Independent societies role in life sciences

Many vendor / consumer business areas exist supported by societies.  These are bodies typically representing both the consumers and the vendors, that aim to promote and improve how a particular business area functions. 

In the case of clinical research we have a large number of groups - some of which are cross department / function / therapeutic area - such as the Drug Information Association. We also have narrower groups such as CDISC - focusing on data standards or ACDM/SCDM focusing on data management. 

One of the big challenges that each society organisation faces is to balance their existence between their reliance on the sponsorship they receive versus the guidance they have a responsibility to offer.   Sponsorship may come from subscription fees but also come from commercial companies that wish to work with the society to promote their product. 
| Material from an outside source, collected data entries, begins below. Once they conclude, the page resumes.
(* Let $(X,\le)$ be a non-empty strictly inductive poset, $f:X\to X$ and $a_0\in X$, let $(a_k)_k$ be the transfinite sequence of iterates of $f$ from $a_0$, $A=\{a_k\mid k\text{ an ordinal}\}$, and let $N$ be the smallest subset of $X$ containing $a_0$, closed under $f$, and closed under non-empty least upper bounds. If the sequence $(a_k)_k$ is monotone (i.e. $a_k\le a_l$ whenever $k\le l$), then $N\subseteq A$.
   Context: A poset is strictly inductive if every non-empty chain has a least upper bound $\mathrm{lub}$ in $X$. The transfinite iterates are defined by $a_0$ given, $a_{k+1}=f(a_k)$, and $a_l=\mathrm{lub}\{a_k\mid k<l\}$ for limit ordinals $l$. A set $Z\subseteq X$ is closed under $f$ if $f(z)\in Z$ for all $z\in Z$, and closed under non-empty least upper bounds if for every non-empty $P\subseteq Z$, $\mathrm{lub}(P)$ exists and belongs to $Z$. *)

From Stdlib Require Import Classical.

Set Implicit Arguments.

Section Poset.
Variables (X : Type) (le : X -> X -> Prop).

Definition is_poset : Prop :=
  (forall x, le x x) /\
  (forall x y, le x y -> le y x -> x = y) /\
  (forall x y z, le x y -> le y z -> le x z).

Definition is_lub (P : X -> Prop) (x : X) : Prop :=
  (forall p, P p -> le p x) /\
  (forall u, (forall p, P p -> le p u) -> le x u).

Definition is_chain (P : X -> Prop) : Prop :=
  forall x y, P x -> P y -> le x y \/ le y x.

Definition strictly_inductive : Prop :=
  forall P : X -> Prop, (exists x, P x) -> is_chain P -> exists l, is_lub P l.

Definition closed_under_f (f : X -> X) (Z : X -> Prop) : Prop :=
  forall z, Z z -> Z (f z).

Definition closed_under_lubs (Z : X -> Prop) : Prop :=
  forall P : X -> Prop, (exists x, P x) -> (forall x, P x -> Z x) ->
    exists l, is_lub P l /\ Z l.
End Poset.

(* A well-ordered index type (W, lt): strict total well-founded order.
   Every ordinal (with its initial segment) is such a W and every such W is
   isomorphic to an ordinal. *)
Definition well_order (W : Type) (lt : W -> W -> Prop) : Prop :=
  (forall k, ~ lt k k) /\
  (forall i j k, lt i j -> lt j k -> lt i k) /\
  (forall i j, lt i j \/ i = j \/ lt j i) /\
  well_founded lt.

(* a : W -> X is the transfinite sequence of iterates of f from a0, indexed
   by the well-order (W, lt):
   a_0 = a0, a_{k+1} = f a_k, a_l = lub {a_k | k < l} for limit l. *)
Definition transfinite_iterates (X : Type) (le : X -> X -> Prop)
    (f : X -> X) (a0 : X) (W : Type) (lt : W -> W -> Prop) (a : W -> X) : Prop :=
  forall k : W,
    ((forall j, ~ lt j k) -> a k = a0) /\
    (forall j, lt j k -> (forall m, ~ (lt j m /\ lt m k)) -> a k = f (a j)) /\
    ((exists j, lt j k) ->
     (forall j, lt j k -> exists m, lt j m /\ lt m k) ->
     is_lub le (fun x => exists j, lt j k /\ x = a j) (a k)).

Definition iterates_monotone (X : Type) (le : X -> X -> Prop)
    (f : X -> X) (a0 : X) : Prop :=
  forall (W : Type) (lt : W -> W -> Prop) (a : W -> X),
    well_order lt -> transfinite_iterates le f a0 lt a ->
    forall k l, (k = l \/ lt k l) -> le (a k) (a l).

Definition iterates_set (X : Type) (le : X -> X -> Prop)
    (f : X -> X) (a0 : X) : X -> Prop :=
  fun x => exists (W : Type) (lt : W -> W -> Prop) (a : W -> X) (k : W),
    well_order lt /\ transfinite_iterates le f a0 lt a /\ a k = x.

From Stdlib Require Import Classical ProofIrrelevance.

(* Two iteration sequences from a0 are interlocked: for any of their values x, y,
   either x <= y and f x <= y unless x = y, or symmetrically; this follows by a
   double well-founded induction from the monotonicity of the iterates.  Hence the
   set A of all iterates is a chain on which x < y implies f x <= y, and every y in A is obtained from the elements of A below y by the
   iteration rule (a0, f of the largest, or their lub), which also makes the strict
   order on A well-founded.  So whenever t is obtained by the iteration rule from a
   downward closed part D of A, indexing D by itself and t by a new top element is a
   transfinite iteration, and t lies in A.  With D empty, D = {z <= y}, and
   D = {z < lub P} this shows that A contains a0 and is closed under f and under
   lubs; the minimality of N concludes. *)

Set Implicit Arguments.

Lemma index_cases (W : Type) (r : W -> W -> Prop) (k : W) :
  (forall j, ~ r j k) \/
  (exists j, r j k /\ forall m, ~ (r j m /\ r m k)) \/
  ((exists j, r j k) /\ forall j, r j k -> exists m, r j m /\ r m k).
Proof.
  destruct (classic (exists j, r j k)) as [Hne | Hzero].
  - right.
    destruct (classic (exists j, r j k /\ forall m, ~ (r j m /\ r m k)))
      as [Hsucc | Hnsucc]; [left; exact Hsucc |].
    right; split; [exact Hne |]. intros j Hj. apply NNPP; intros Hnone.
    apply Hnsucc; exists j; split; [exact Hj |].
    intros m Hm; apply Hnone; exists m; exact Hm.
  - left; intros j Hj; apply Hzero; exists j; exact Hj.
Qed.

Lemma well_founded_least (W : Type) (r : W -> W -> Prop) (P : W -> Prop) (k : W) :
  well_founded r -> P k -> exists m, P m /\ forall j, r j m -> ~ P j.
Proof.
  intros Hwf. induction k as [k IH] using (well_founded_ind Hwf). intros Hk.
  destruct (classic (exists j, r j k /\ P j)) as [[j [Hj HPj]] | Hmin].
  - exact (IH j Hj HPj).
  - exists k; split; [exact Hk |]. intros j Hj HPj; apply Hmin; exists j; auto.
Qed.

Section Iterates.
Variables (X : Type) (le : X -> X -> Prop) (f : X -> X) (a0 : X).
Hypotheses (le_po : is_poset le) (iter_mono : iterates_monotone le f a0).

Lemma po_refl x : le x x. Proof. apply le_po. Qed.
Lemma po_antisym x y : le x y -> le y x -> x = y. Proof. apply le_po. Qed.
Lemma po_trans x y z : le x y -> le y z -> le x z. Proof. apply le_po. Qed.

Definition slt x y := le x y /\ x <> y.

Lemma slt_not_le x y : slt x y -> ~ le y x.
Proof. intros [Hxy Hne] Hyx. exact (Hne (po_antisym Hxy Hyx)). Qed.

Lemma slt_asym x y : slt x y -> ~ slt y x.
Proof. intros Hxy [Hyx _]. exact (slt_not_le Hxy Hyx). Qed.

Lemma slt_trans x y z : slt x y -> slt y z -> slt x z.
Proof.
  intros [Hxy Hnxy] [Hyz _]. split; [exact (po_trans Hxy Hyz) |].
  intros ->. exact (Hnxy (po_antisym Hxy Hyz)).
Qed.

Definition tower_le x y := le x y /\ (x <> y -> le (f x) y).

Definition tower_comparable x y := tower_le x y \/ tower_le y x.

Lemma tower_le_refl x : tower_le x x.
Proof. split; [apply po_refl | intros Hne; exfalso; exact (Hne eq_refl)]. Qed.

Lemma tower_comparable_sym x y : tower_comparable x y -> tower_comparable y x.
Proof. intros [H | H]; [right | left]; exact H. Qed.

Section Iteration.
Variables (W : Type) (r : W -> W -> Prop) (a : W -> X).
Hypotheses (r_wo : well_order r) (a_it : transfinite_iterates le f a0 r a).

Lemma iteration_mono {j k : W} : r j k -> le (a j) (a k).
Proof. intros Hjk. apply (iter_mono r_wo a_it); right; exact Hjk. Qed.

Lemma a0_le_iteration k : le a0 (a k).
Proof.
  pose proof r_wo as (_ & Htrans & _ & Hwf).
  destruct (well_founded_least (fun m => m = k \/ r m k) k Hwf (or_introl eq_refl))
    as [m [Hmk Hmin]].
  assert (Hzero : forall j, ~ r j m).
  { intros j Hjm. apply (Hmin j Hjm). right.
    destruct Hmk as [-> | Hmk]; [exact Hjm | exact (Htrans _ _ _ Hjm Hmk)]. }
  rewrite <- (proj1 (a_it m) Hzero).
  destruct Hmk as [-> | Hmk]; [apply po_refl | exact (iteration_mono Hmk)].
Qed.

Lemma iteration_tower_step x m :
  le a0 x -> (forall n, r n m -> tower_comparable x (a n)) ->
  tower_le x (a m) \/ le (a m) x.
Proof.
  intros Hx IH. destruct (a_it m) as [Hzero [Hsucc Hlim]].
  destruct (index_cases r m) as [Hm | [[n [Hn Hnm]] | [Hne Hdense]]].
  - right. rewrite (Hzero Hm). exact Hx.
  - pose proof (Hsucc n Hn Hnm) as Hstep. pose proof (iteration_mono Hn) as Hmono.
    destruct (classic (x = a n)) as [-> | Hxn].
    + left. split; [exact Hmono | intros _; rewrite Hstep; apply po_refl].
    + destruct (IH n Hn) as [[Hle Hf] | [_ Hf]].
      * left. split; [exact (po_trans Hle Hmono) | intros _; exact (po_trans (Hf Hxn) Hmono)].
      * right. rewrite Hstep. apply Hf. intros Hnx. exact (Hxn (eq_sym Hnx)).
  - destruct (classic (forall n, r n m -> le (a n) x)) as [Hall | Hex].
    + right. apply (proj2 (Hlim Hne Hdense)). intros p [n [Hn ->]]. exact (Hall n Hn).
    + apply not_all_ex_not in Hex. destruct Hex as [n Hex].
      apply imply_to_and in Hex. destruct Hex as [Hn Hnx].
      pose proof (iteration_mono Hn) as Hmono.
      destruct (IH n Hn) as [[Hle Hf] | [Hle _]]; [| contradiction].
      assert (Hxn : x <> a n) by (intros ->; exact (Hnx (po_refl _))).
      left. split; [exact (po_trans Hle Hmono) | intros _; exact (po_trans (Hf Hxn) Hmono)].
Qed.

End Iteration.

Lemma iterations_tower_comparable (W : Type) (r : W -> W -> Prop) (a : W -> X)
    (V : Type) (s : V -> V -> Prop) (b : V -> X) :
  well_order r -> transfinite_iterates le f a0 r a ->
  well_order s -> transfinite_iterates le f a0 s b ->
  forall k m, tower_comparable (a k) (b m).
Proof.
  intros Hr Ha Hs Hb.
  pose proof Hr as (_ & _ & _ & Hwf_r). pose proof Hs as (_ & _ & _ & Hwf_s).
  intros k; induction k as [k IHk] using (well_founded_ind Hwf_r).
  intros m; induction m as [m IHm] using (well_founded_ind Hwf_s).
  destruct (iteration_tower_step Hs Hb m (a0_le_iteration Hr Ha k) IHm) as [Hkm | Hmk];
    [left; exact Hkm |].
  destruct (iteration_tower_step Hr Ha k (a0_le_iteration Hs Hb m)
              (fun j Hj => tower_comparable_sym (IHk j Hj m))) as [Hmk' | Hkm];
    [right; exact Hmk' |].
  left. rewrite (po_antisym Hkm Hmk). apply tower_le_refl.
Qed.

Let A := iterates_set le f a0.

Lemma A_tower_comparable x y : A x -> A y -> tower_comparable x y.
Proof.
  intros [W [r [a [k [Hr [Ha <-]]]]]] [V [s [b [m [Hs [Hb <-]]]]]].
  exact (iterations_tower_comparable Hr Ha Hs Hb k m).
Qed.

Lemma A_trichotomy x y : A x -> A y -> slt x y \/ x = y \/ slt y x.
Proof.
  intros Hx Hy. destruct (classic (x = y)) as [Hxy | Hxy]; [right; left; exact Hxy |].
  destruct (A_tower_comparable Hx Hy) as [[Hle _] | [Hle _]];
    [left | right; right]; split; auto.
Qed.

Lemma A_chain : is_chain le A.
Proof.
  intros x y Hx Hy.
  destruct (A_trichotomy Hx Hy) as [[Hxy _] | [<- | [Hyx _]]]; auto using po_refl.
Qed.

Lemma A_tower x y : A x -> A y -> slt x y -> le (f x) y.
Proof.
  intros Hx Hy Hxy. destruct (A_tower_comparable Hx Hy) as [[_ Hf] | [Hyx _]].
  - exact (Hf (proj2 Hxy)).
  - exfalso. exact (slt_not_le Hxy Hyx).
Qed.

Lemma A_a0_le x : A x -> le a0 x.
Proof. intros [W [r [a [k [Hr [Ha <-]]]]]]. exact (a0_le_iteration Hr Ha k). Qed.

Definition below z y := A z /\ slt z y.

Lemma not_below_a0 z : ~ below z a0.
Proof. intros [Hz Hza0]. exact (slt_not_le Hza0 (A_a0_le Hz)). Qed.

Definition next_iterate (D : X -> Prop) (t : X) : Prop :=
  ((forall z, ~ D z) -> t = a0) /\
  (forall v, D v -> (forall w, D w -> ~ slt v w) -> t = f v) /\
  ((exists z, D z) -> (forall v, D v -> exists w, D w /\ slt v w) -> is_lub le D t).

Lemma next_iterate_ext (P Q : X -> Prop) t :
  (forall x, P x <-> Q x) -> next_iterate P t -> next_iterate Q t.
Proof.
  intros HPQ [Hzero [Hsucc Hlim]]. split; [| split].
  - intros HQ. apply Hzero. intros x Hx. exact (HQ x (proj1 (HPQ x) Hx)).
  - intros v Hv Hmax. apply Hsucc; [apply HPQ; exact Hv |].
    intros w Hw. apply Hmax, HPQ, Hw.
  - intros [z Hz] Hnomax.
    assert (HP : is_lub le P t).
    { apply Hlim; [exists z; apply HPQ; exact Hz |].
      intros v Hv. destruct (Hnomax v (proj1 (HPQ v) Hv)) as [w [Hw Hvw]].
      exists w; split; [apply HPQ; exact Hw | exact Hvw]. }
    destruct HP as [Hub Hleast]. split.
    + intros p Hp. apply Hub, HPQ, Hp.
    + intros u Hu. apply Hleast. intros p Hp. apply Hu, HPQ, Hp.
Qed.

Lemma transfinite_iterates_of_next_iterate (W : Type) (r : W -> W -> Prop) (a : W -> X) :
  (forall i j, r i j \/ i = j \/ r j i) ->
  (forall i j k, r i j -> r j k -> slt (a i) (a j)) ->
  (forall k, next_iterate (fun x => exists j, r j k /\ x = a j) (a k)) ->
  transfinite_iterates le f a0 r a.
Proof.
  intros Htot Hemb Hnext k. destruct (Hnext k) as [Hzero [Hsucc Hlim]].
  split; [| split].
  - intros Hk. apply Hzero. intros x [j [Hj _]]. exact (Hk j Hj).
  - intros j Hj Hjk. apply Hsucc; [exists j; auto |].
    intros w [m [Hm ->]] Hjm.
    destruct (Htot j m) as [Hr | [<- | Hr]].
    + exact (Hjk m (conj Hr Hm)).
    + exact (proj2 Hjm eq_refl).
    + exact (slt_asym Hjm (Hemb m j k Hr Hj)).
  - intros [j Hj] Hdense. apply Hlim; [exists (a j), j; auto |].
    intros v [i [Hi ->]]. destruct (Hdense i Hi) as [m [Him Hm]].
    exists (a m). split; [exists m; auto | exact (Hemb i m k Him Hm)].
Qed.

Section IterationInA.
Variables (W : Type) (r : W -> W -> Prop) (a : W -> X).
Hypotheses (r_wo : well_order r) (a_it : transfinite_iterates le f a0 r a).

Lemma iteration_in_A k : A (a k).
Proof. exists W, r, a, k. auto. Qed.

Lemma least_index k : exists k', a k' = a k /\ forall j, r j k' -> slt (a j) (a k').
Proof.
  pose proof r_wo as (_ & _ & _ & Hwf).
  destruct (well_founded_least (fun m => a m = a k) k Hwf eq_refl) as [k' [Hk' Hmin]].
  exists k'; split; [exact Hk' |]. intros j Hj.
  split; [exact (iteration_mono r_wo a_it Hj) | rewrite Hk'; exact (Hmin j Hj)].
Qed.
No organisation wishes to challenge their sponsors to the extent that they cease to be sponsors.  At the same time, no society wish to be seen to be failing to share effective knowledge - in the form of tools / papers - that will give the societies existence value and meaning.     

A failure to share knowledge may take the form of the presentation of partial information, or, a resistance to publish materials that though peer reviewed and representative, may challenge a subset of sponsoring stakeholders. 

Editorial control is a critical governance aspect of any industry society.  Editorial bias should be avoided at all cost.   A society that fails to avoid editorial bias ceases to be a representative society and instead becomes a voice for sponsor interests.